Мне ли не знать, как коварны бывают мужчины.
Дикарь резко бросает сено. Останавливается, смотрит исподлобья. Наши глаза встречаются. Я вообще уже не помню, как дышать. Столбенею. Всё тело загорается непонятным жаром. Может, это температура? Может, я воспаление лёгких заработала, пока по лесу ползла?

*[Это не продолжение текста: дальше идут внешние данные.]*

(* $\mathrm{SLT}_1\subsetneq\mathrm{REG}_5^Z$.
   Context: Strictly locally testable languages: let $V$ be an alphabet and $k\ge1$. For $B,I,E\subseteq V^k$ and $F\subseteq V^{\le k-1}$, $\mathrm{slt}(B,I,E,F)$ is the language over $V$ consisting of all words in $F$ together with all words $a_1\cdots a_n$ ($a_i\in V$, $n\ge k$) with $a_1\cdots a_k\in B$, $a_{j+1}\cdots a_{j+k}\in I$ for all $1\le j\le n-k-1$, and $a_{n-k+1}\cdots a_n\in E$. $\mathrm{SLT}_k$ is the family of languages of this form (strictly locally $k$-testable languages). For a regular language $L\subseteq V^*$, $\mathrm{State}(L)$ is the minimum number of states of a deterministic finite automaton $(V,Z,z_0,F,\delta)$ with total transition function $\delta:Z\times V\to Z$ accepting $L$; $\mathrm{REG}_n^Z=\{L\text{ regular}:\mathrm{State}(L)\le n\}$. *)

From mathcomp Require Import all_boot.
Set Implicit Arguments. Unset Strict Implicit. Unset Printing Implicit Defensive.

Definition language (V : finType) := seq V -> Prop.

(* slt(B,I,E,F): words in F, plus words a_1..a_n (n >= k) whose first k-factor
   is in B, whose k-factors a_{j+1}..a_{j+k} (1 <= j <= n-k-1) are in I, and
   whose last k-factor is in E.  take k (drop j w) = a_{j+1}..a_{j+k}. *)
Definition slt (V : finType) (k : nat) (B I E F : seq V -> Prop) : language V :=
  fun w => F w \/
    (k <= size w /\ B (take k w) /\
     (forall j, 1 <= j -> j <= size w - k - 1 -> I (take k (drop j w))) /\
     E (drop (size w - k) w)).

Definition SLT (k : nat) (V : finType) (L : language V) : Prop :=
  exists (B I E F : seq V -> Prop),
    (forall w, B w -> size w = k) /\ (forall w, I w -> size w = k) /\
    (forall w, E w -> size w = k) /\ (forall w, F w -> size w <= k - 1) /\
    (forall w, L w <-> slt k B I E F w).

Definition dfa_accepts (V Z : finType) (z0 : Z) (Fin : pred Z)
  (delta : Z -> V -> Z) (w : seq V) : bool := Fin (foldl delta z0 w).

(* REG_n^Z: regular languages with State(L) <= n, i.e. accepted by some complete
   DFA with at most n states. *)
Definition REGZ (n : nat) (V : finType) (L : language V) : Prop :=
  exists (Z : finType) (z0 : Z) (Fin : pred Z) (delta : Z -> V -> Z),
    #|Z| <= n /\ (forall w, L w <-> dfa_accepts z0 Fin delta w).

From mathcomp Require Import all_boot zify.
From mathcomp Require Import boolp.

Set Implicit Arguments.
Unset Strict Implicit.
Unset Printing Implicit Defensive.

(* For k = 1 a strictly locally testable language constrains a word only
   through its first letter (in B), its last letter (in E) and its interior
   letters (in I); the empty word is decided by F, which contains no other
   word.
   Inclusion: a complete DFA with the five states option (bool * bool)
   recognises slt(B,I,E,F).  The start state None has read nothing; after a
   nonempty word a :: u the state is Some (p, q), where p says that the word
   is a "good prefix" (a in B, all later letters in I) and q says that the
   word is in the language (slt1_state_cons).
   Strictness: the even-length words over a nonempty alphabet form a
   language with a two-state DFA, but an SLT_1 language containing aa and
   aaaa must also contain aaa, so this language is not in SLT_1. *)

Lemma take1_drop (T : Type) (x0 : T) (s : seq T) i :
  i < size s -> take 1 (drop i s) = [:: nth x0 s i].
Proof. by move=> lt_i_s; rewrite (drop_nth x0 lt_i_s) /= take0. Qed.

Section SLT1Words.
Variables (V : finType) (B I E F : seq V -> Prop).

Lemma slt1_single a :
  slt 1 B I E F [:: a] <-> F [:: a] \/ (B [:: a] /\ E [:: a]).
Proof.
rewrite /slt /=; split=> [[hF | [_ [hB [_ hE]]]] | [hF | [hB hE]]]; try tauto.
by right; split=> //; split=> //; split=> // j; lia.
Qed.

Lemma slt1_rcons a (v : seq V) c :
  slt 1 B I E F (a :: rcons v c) <->
  F (a :: rcons v c) \/
  (B [:: a] /\ (forall x, x \in v -> I [:: x]) /\ E [:: c]).
Proof.
have size_w : size (a :: rcons v c) - 1 - 1 = size v.
  by rewrite /= size_rcons; lia.
have last_w : drop (size (a :: rcons v c) - 1) (a :: rcons v c) = [:: c].
  by rewrite /= size_rcons subn1 /= drop_rcons // drop_size.
have interior j : 1 <= j -> j <= size v ->
    take 1 (drop j (a :: rcons v c)) = [:: nth a v j.-1].
  move=> j_gt0 j_le; case: j j_gt0 j_le => // j _ j_lt /=.
  rewrite (take1_drop a) ?size_rcons /=; last lia.
  by rewrite nth_rcons j_lt.
have interiorE : (forall j, 1 <= j -> j <= size v -> I [:: nth a v j.-1]) <->
                 (forall x, x \in v -> I [:: x]).
  split=> [hI x /(nthP a) [i lt_i <-] | hI j j_gt0 j_le].
    by have := hI i.+1 isT lt_i.
  by apply/hI/mem_nth; rewrite prednK.
rewrite /slt size_w last_w /= take0 -interiorE.
split=> [[hF | [_ [hB [hI hE]]]] | [hF | [hB [hI hE]]]]; try by left.
- right; split=> //; split=> // j j_gt0 j_le.
  by rewrite -interior //; apply: hI.
- right; split=> //; split=> //; split=> // j j_gt0 j_le.
  by rewrite interior //; apply: hI.
Qed.

End SLT1Words.

Section SLT1Automaton.
Variables (V : finType) (B I E F : seq V -> Prop).
Hypothesis F_short : forall w, F w -> size w <= 1 - 1.

Lemma not_F_cons a (u : seq V) : ~ F (a :: u).
Proof. by move/F_short. Qed.

Definition good_prefix (a : V) (u : seq V) : Prop :=
  B [:: a] /\ (forall x, x \in u -> I [:: x]).

(* State None: nothing read yet.  State Some (p, q): the nonempty word read so
   far is a good prefix (p) and belongs to the language (q). *)
Definition slt1_delta (z : option (bool * bool)) (c : V) :
  option (bool * bool) :=
  match z with
  | None => Some (`[< B [:: c] >], `[< B [:: c] /\ E [:: c] >])
  | Some (p, _) => Some (p && `[< I [:: c] >], p && `[< E [:: c] >])
  end.

Definition slt1_final (z : option (bool * bool)) : bool :=
  if z is Some (_, q) then q else `[< F [::] >].

Lemma slt1_state_cons a (u : seq V) :
  foldl slt1_delta None (a :: u) =
  Some (`[< good_prefix a u >], `[< slt 1 B I E F (a :: u) >]).
Proof.
elim/last_ind: u => [|v c IH].
  rewrite /= /good_prefix; congr (Some (_, _)); apply: asbool_equiv_eq.
    by split=> [hB | []//]; split.
  by rewrite slt1_single; have := @not_F_cons a [::]; tauto.
rewrite -rcons_cons foldl_rcons IH /= -!asbool_and /good_prefix.
congr (Some (_, _)); apply: asbool_equiv_eq.
  split=> [[[hB hI] hc] | [hB hI]].
    by split=> // x; rewrite mem_rcons inE => /orP [/eqP -> | /hI].
  split; first split=> // x xv; apply: hI; rewrite mem_rcons inE ?eqxx //.
  by rewrite xv orbT.
by rewrite slt1_rcons; have := @not_F_cons a (rcons v c); tauto.
Qed.

Lemma slt1_dfa_accepts w :
  slt 1 B I E F w <-> dfa_accepts None slt1_final slt1_delta w.
Proof.
rewrite /dfa_accepts; case: w => [|a u].
  split=> [[hF | [//]] | /asboolP hF]; [exact/asboolP | by left].
by rewrite slt1_state_cons /=; split=> /asboolP.
Qed.

End SLT1Automaton.

Lemma SLT1_sub_REGZ5 (V : finType) (L : language V) : SLT 1 L -> REGZ 5 L.
Proof.
move=> [B [I [E [F [_ [_ [_ [F_short L_slt]]]]]]]].
exists (option (bool * bool)), None, (slt1_final F), (slt1_delta B I E).
split; first by rewrite card_option card_prod card_bool.
by move=> w; rewrite L_slt; apply: slt1_dfa_accepts.
Qed.

Lemma REGZ_mono (V : finType) (L : language V) m n :
  m <= n -> REGZ m L -> REGZ n L.
Proof.
move=> le_mn [Z [z0 [Fin [delta [card_Z L_dfa]]]]].
by exists Z, z0, Fin, delta; split=> //; apply: leq_trans le_mn.
Qed.

Definition even_length (V : finType) : language V := fun w => ~~ odd (size w).
Arguments even_length : clear implicits.

Lemma parity_foldl (V : finType) (w : seq V) (z : bool) :
  foldl (fun z _ => ~~ z) z w = z (+) odd (size w).
Proof. by elim: w z => [|x w IH] z /=; rewrite ?addbF // IH addbN negb_add. Qed.

Lemma even_length_REGZ2 (V : finType) : REGZ 2 (even_length V).
Proof.
exists bool, true, idfun, (fun z _ => ~~ z); split; first by rewrite card_bool.
by move=> w; rewrite /dfa_accepts parity_foldl.
Qed.

(* Over a nonempty alphabet: aa and aaaa have even length, so a is a valid
   first, interior and last letter; then the odd word aaa is accepted too. *)
Lemma even_length_not_SLT1 (V : finType) (a : V) : ~ SLT 1 (even_length V).
Proof.
move=> [B [I [E [F [_ [_ [_ [F_short L_slt]]]]]]]].
have in_L v : even_length V (a :: rcons v a) <->
              B [:: a] /\ (forall x, x \in v -> I [:: x]) /\ E [:: a].
  rewrite L_slt slt1_rcons.
  by have := not_F_cons F_short (a := a) (u := rcons v a); tauto.
have [hB [_ hE]] := proj1 (in_L [::]) isT.
have [_ [hI _]] := proj1 (in_L [:: a; a]) isT.
suff : even_length V [:: a; a; a] by [].
apply/(in_L [:: a]); split=> //; split=> // x; rewrite inE => /eqP ->.
by apply: hI; rewrite inE eqxx.
Qed.

Theorem mainTheorem7 :
  (forall (V : finType) (L : language V), SLT 1 L -> REGZ 5 L) /\
  (exists (V : finType) (L : language V), REGZ 5 L /\ ~ SLT 1 L).
Proof.
split; first exact: SLT1_sub_REGZ5.
exists bool, (even_length bool); split; last exact: (even_length_not_SLT1 true).
exact: REGZ_mono (even_length_REGZ2 bool).
Qed.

Но обдумать причину слабости я не успеваю. Дикарь зло ухмыляется. Видно, что злится. Его явно выводят из себя мои слова. Он делает резкий рывок, зажимая меня между обитой досками стеной и ограждением. Шокирует. Пугает. Парализует.
И, не дав сориентироваться, кладет руку на шею, заставляя задрать подбородок и трястись, как заяц в лапах волка.
— Ай, что вы делаете?! Что?! Нет!
Он не просто держит, он водит по шее пальцами, словно проверяет эластичность шкуры новой кобылы. Дикарь пугает своей силой. Он доводит меня до белого каления. Зачем я сюда притащилась?
Дура! А если задушит? Он дикий. Бешеный. Больной! Впадаю в истерику!
— Пустите!
— Это она тебе сказала? Моя жена? Так, по-твоему, всё было?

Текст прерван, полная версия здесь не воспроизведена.